Source information
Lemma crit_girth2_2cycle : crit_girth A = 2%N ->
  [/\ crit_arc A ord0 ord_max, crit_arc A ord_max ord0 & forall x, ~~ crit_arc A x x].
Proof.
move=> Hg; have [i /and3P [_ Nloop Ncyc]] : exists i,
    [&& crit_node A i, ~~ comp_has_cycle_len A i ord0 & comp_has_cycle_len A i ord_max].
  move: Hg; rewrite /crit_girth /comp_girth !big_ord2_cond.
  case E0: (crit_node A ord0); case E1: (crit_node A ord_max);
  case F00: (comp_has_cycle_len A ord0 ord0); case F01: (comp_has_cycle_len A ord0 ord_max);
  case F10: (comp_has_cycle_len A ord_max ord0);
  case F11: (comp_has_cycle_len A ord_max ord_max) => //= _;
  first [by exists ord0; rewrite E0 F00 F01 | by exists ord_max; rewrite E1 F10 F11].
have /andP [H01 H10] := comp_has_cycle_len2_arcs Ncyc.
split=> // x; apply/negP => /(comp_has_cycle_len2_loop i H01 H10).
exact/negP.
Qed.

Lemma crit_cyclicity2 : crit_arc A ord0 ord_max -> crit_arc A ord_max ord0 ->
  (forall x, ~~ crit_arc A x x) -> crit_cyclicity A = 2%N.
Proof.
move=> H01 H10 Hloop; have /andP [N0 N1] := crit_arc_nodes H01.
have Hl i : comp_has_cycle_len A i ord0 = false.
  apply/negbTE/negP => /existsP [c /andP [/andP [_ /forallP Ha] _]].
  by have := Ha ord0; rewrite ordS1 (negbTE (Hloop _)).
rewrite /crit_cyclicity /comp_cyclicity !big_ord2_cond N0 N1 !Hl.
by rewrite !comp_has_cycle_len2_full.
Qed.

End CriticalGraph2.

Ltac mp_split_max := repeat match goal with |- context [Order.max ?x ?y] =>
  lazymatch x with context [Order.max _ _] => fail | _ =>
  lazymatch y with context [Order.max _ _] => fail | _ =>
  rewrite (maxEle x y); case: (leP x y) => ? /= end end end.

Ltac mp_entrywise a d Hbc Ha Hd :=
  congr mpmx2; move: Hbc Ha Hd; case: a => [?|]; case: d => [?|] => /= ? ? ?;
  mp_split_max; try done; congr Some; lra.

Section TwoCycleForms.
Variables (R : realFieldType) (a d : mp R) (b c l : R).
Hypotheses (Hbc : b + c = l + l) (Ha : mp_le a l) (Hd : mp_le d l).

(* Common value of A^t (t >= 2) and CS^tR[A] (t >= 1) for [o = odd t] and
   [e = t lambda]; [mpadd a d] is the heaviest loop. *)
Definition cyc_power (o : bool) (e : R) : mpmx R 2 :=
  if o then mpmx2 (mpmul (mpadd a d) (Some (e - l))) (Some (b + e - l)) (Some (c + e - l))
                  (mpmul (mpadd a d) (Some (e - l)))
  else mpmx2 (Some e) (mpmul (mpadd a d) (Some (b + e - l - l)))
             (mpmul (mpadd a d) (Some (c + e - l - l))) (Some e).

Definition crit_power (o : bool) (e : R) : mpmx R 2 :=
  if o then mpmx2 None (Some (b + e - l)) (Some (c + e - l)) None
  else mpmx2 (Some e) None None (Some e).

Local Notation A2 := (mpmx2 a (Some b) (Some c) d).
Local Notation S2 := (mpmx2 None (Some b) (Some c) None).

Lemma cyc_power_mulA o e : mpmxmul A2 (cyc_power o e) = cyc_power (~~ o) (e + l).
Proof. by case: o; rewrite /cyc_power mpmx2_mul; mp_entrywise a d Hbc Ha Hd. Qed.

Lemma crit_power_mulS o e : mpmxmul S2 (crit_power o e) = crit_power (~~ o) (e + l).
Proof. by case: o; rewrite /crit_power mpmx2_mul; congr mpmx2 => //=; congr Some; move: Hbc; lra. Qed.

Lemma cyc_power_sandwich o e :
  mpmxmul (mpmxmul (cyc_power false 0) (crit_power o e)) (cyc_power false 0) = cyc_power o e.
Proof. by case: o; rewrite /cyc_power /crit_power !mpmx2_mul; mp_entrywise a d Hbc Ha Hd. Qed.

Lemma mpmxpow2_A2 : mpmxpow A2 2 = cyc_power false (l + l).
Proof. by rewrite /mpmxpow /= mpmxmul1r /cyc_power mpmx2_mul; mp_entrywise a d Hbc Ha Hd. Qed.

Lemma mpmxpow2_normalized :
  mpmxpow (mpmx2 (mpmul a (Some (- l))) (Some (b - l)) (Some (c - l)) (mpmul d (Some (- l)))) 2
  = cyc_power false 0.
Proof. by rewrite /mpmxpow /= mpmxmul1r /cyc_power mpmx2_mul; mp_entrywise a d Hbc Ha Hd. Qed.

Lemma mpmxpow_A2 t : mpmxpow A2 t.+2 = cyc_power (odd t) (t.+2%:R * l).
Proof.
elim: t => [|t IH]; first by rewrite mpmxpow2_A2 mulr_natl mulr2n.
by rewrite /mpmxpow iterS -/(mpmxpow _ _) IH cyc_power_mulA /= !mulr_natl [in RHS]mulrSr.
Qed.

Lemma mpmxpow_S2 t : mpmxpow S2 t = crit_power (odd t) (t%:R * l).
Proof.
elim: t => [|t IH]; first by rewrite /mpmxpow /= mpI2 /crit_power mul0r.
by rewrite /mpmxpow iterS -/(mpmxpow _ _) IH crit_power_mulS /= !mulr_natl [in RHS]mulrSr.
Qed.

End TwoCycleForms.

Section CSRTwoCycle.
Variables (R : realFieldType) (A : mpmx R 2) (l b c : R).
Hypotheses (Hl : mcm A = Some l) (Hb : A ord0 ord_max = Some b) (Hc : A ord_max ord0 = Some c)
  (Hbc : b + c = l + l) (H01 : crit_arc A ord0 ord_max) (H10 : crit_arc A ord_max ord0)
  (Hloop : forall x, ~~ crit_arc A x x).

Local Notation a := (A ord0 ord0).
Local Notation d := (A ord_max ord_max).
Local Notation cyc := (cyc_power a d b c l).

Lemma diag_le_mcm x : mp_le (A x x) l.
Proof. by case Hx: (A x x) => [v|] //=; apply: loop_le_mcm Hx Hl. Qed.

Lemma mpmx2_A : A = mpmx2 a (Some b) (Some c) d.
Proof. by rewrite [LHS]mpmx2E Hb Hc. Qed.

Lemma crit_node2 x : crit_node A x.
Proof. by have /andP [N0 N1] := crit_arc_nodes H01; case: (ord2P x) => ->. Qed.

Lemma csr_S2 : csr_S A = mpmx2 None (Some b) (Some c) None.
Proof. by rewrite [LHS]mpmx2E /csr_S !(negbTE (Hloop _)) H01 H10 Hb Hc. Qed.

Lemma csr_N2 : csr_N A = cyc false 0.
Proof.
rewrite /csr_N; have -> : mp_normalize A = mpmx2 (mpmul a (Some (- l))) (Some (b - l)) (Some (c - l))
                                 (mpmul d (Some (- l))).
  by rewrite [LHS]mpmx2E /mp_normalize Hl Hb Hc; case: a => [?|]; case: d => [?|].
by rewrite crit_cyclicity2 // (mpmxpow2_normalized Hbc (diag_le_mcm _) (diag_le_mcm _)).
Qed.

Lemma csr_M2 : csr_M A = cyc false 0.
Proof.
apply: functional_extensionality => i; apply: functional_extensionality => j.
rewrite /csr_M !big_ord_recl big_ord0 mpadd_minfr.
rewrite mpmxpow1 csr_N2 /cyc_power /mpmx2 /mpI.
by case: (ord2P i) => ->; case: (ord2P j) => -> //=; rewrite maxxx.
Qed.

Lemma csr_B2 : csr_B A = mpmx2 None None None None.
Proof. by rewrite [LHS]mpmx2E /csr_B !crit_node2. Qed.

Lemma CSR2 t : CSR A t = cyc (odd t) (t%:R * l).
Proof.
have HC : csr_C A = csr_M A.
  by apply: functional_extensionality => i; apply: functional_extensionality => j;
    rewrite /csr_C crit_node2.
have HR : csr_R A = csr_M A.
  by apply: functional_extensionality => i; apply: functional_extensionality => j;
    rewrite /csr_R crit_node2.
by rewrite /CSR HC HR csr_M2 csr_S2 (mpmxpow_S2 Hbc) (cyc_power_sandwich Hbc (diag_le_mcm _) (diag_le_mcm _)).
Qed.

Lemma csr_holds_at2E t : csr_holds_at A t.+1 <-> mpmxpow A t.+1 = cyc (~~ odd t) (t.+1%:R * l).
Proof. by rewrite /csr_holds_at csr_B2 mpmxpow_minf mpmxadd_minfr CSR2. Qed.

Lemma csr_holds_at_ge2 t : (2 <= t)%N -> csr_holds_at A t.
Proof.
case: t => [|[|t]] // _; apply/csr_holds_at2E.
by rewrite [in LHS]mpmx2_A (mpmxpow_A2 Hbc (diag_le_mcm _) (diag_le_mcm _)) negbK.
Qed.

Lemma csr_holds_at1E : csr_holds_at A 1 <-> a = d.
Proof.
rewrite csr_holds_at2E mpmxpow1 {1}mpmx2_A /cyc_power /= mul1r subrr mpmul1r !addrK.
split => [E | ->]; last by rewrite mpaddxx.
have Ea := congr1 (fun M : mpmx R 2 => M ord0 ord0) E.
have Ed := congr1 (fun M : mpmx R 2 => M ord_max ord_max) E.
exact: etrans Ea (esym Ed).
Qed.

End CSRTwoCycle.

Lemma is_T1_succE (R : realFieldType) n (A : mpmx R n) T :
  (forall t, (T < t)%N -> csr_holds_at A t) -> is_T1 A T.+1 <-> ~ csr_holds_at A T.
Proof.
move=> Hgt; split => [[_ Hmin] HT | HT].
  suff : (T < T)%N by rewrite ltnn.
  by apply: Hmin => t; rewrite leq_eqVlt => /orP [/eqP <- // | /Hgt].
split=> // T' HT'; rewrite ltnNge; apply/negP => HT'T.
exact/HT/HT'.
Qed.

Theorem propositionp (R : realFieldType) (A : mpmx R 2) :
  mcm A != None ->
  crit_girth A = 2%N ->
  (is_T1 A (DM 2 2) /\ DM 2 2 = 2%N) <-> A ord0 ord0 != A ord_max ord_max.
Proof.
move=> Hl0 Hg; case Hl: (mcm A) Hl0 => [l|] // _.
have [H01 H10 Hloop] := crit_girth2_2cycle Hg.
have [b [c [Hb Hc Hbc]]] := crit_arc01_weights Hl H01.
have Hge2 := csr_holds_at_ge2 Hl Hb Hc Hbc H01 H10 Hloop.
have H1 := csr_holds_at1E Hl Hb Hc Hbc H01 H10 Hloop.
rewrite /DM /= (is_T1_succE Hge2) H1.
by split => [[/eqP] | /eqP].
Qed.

Work request
Exactly reproduce the lines of the data above that run from the line containing "Proof. by rewrite /csr_holds_at" through the final one.

Output
Proof. by rewrite /csr_holds_at csr_B2 mpmxpow_minf mpmxadd_minfr CSR2. Qed.

Lemma csr_holds_at_ge2 t : (2 <= t)%N -> csr_holds_at A t.
Proof.
case: t => [|[|t]] // _; apply/csr_holds_at2E.
by rewrite [in LHS]mpmx2_A (mpmxpow_A2 Hbc (diag_le_mcm _) (diag_le_mcm _)) negbK.
Qed.

Lemma csr_holds_at1E : csr_holds_at A 1 <-> a = d.
Proof.
rewrite csr_holds_at2E mpmxpow1 {1}mpmx2_A /cyc_power /= mul1r subrr mpmul1r !addrK.
split => [E | ->]; last by rewrite mpaddxx.
have Ea := congr1 (fun M : mpmx R 2 => M ord0 ord0) E.
have Ed := congr1 (fun M : mpmx R 2 => M ord_max ord_max) E.
exact: etrans Ea (esym Ed).
Qed.

End CSRTwoCycle.

Lemma is_T1_succE (R : realFieldType) n (A : mpmx R n) T :
  (forall t, (T < t)%N -> csr_holds_at A t) -> is_T1 A T.+1 <-> ~ csr_holds_at A T.
Proof.
move=> Hgt; split => [[_ Hmin] HT | HT].
  suff : (T < T)%N by rewrite ltnn.
  by apply: Hmin => t; rewrite leq_eqVlt => /orP [/eqP <- // | /Hgt].
split=> // T' HT'; rewrite ltnNge; apply/negP => HT'T.
exact/HT/HT'.
Qed.

Theorem propositionp (R : realFieldType) (A : mpmx R 2) :
  mcm A != None ->
  crit_girth A = 2%N ->
  (is_T1 A (DM 2 2) /\ DM 2 2 = 2%N) <-> A ord0 ord0 != A ord_max ord_max.
Proof.
move=> Hl0 Hg; case Hl: (mcm A) Hl0 => [l|] // _.
have [H01 H10 Hloop] := crit_girth2_2cycle Hg.
have [b [c [Hb Hc Hbc]]] := crit_arc01_weights Hl H01.
have Hge2 := csr_holds_at_ge2 Hl Hb Hc Hbc H01 H10 Hloop.
have H1 := csr_holds_at1E Hl Hb Hc Hbc H01 H10 Hloop.
rewrite /DM /= (is_T1_succE Hge2) H1.
by split => [[/eqP] | /eqP].
Qed.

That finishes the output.